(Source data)
————————

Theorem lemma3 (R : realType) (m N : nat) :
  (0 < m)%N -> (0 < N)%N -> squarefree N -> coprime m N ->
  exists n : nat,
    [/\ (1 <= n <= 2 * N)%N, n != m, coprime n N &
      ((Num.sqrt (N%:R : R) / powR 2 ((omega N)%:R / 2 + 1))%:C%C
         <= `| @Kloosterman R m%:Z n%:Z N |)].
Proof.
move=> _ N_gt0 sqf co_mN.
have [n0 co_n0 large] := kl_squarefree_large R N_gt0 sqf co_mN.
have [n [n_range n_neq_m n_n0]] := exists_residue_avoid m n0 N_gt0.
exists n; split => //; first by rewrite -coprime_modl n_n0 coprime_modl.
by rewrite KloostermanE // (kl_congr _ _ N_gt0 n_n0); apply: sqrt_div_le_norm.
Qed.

————————

Your task => List each line of the records that holds the string "have".

Response area =>
have [n0 co_n0 large] := kl_squarefree_large R N_gt0 sqf co_mN.
have [n [n_range n_neq_m n_n0]] := exists_residue_avoid m n0 N_gt0.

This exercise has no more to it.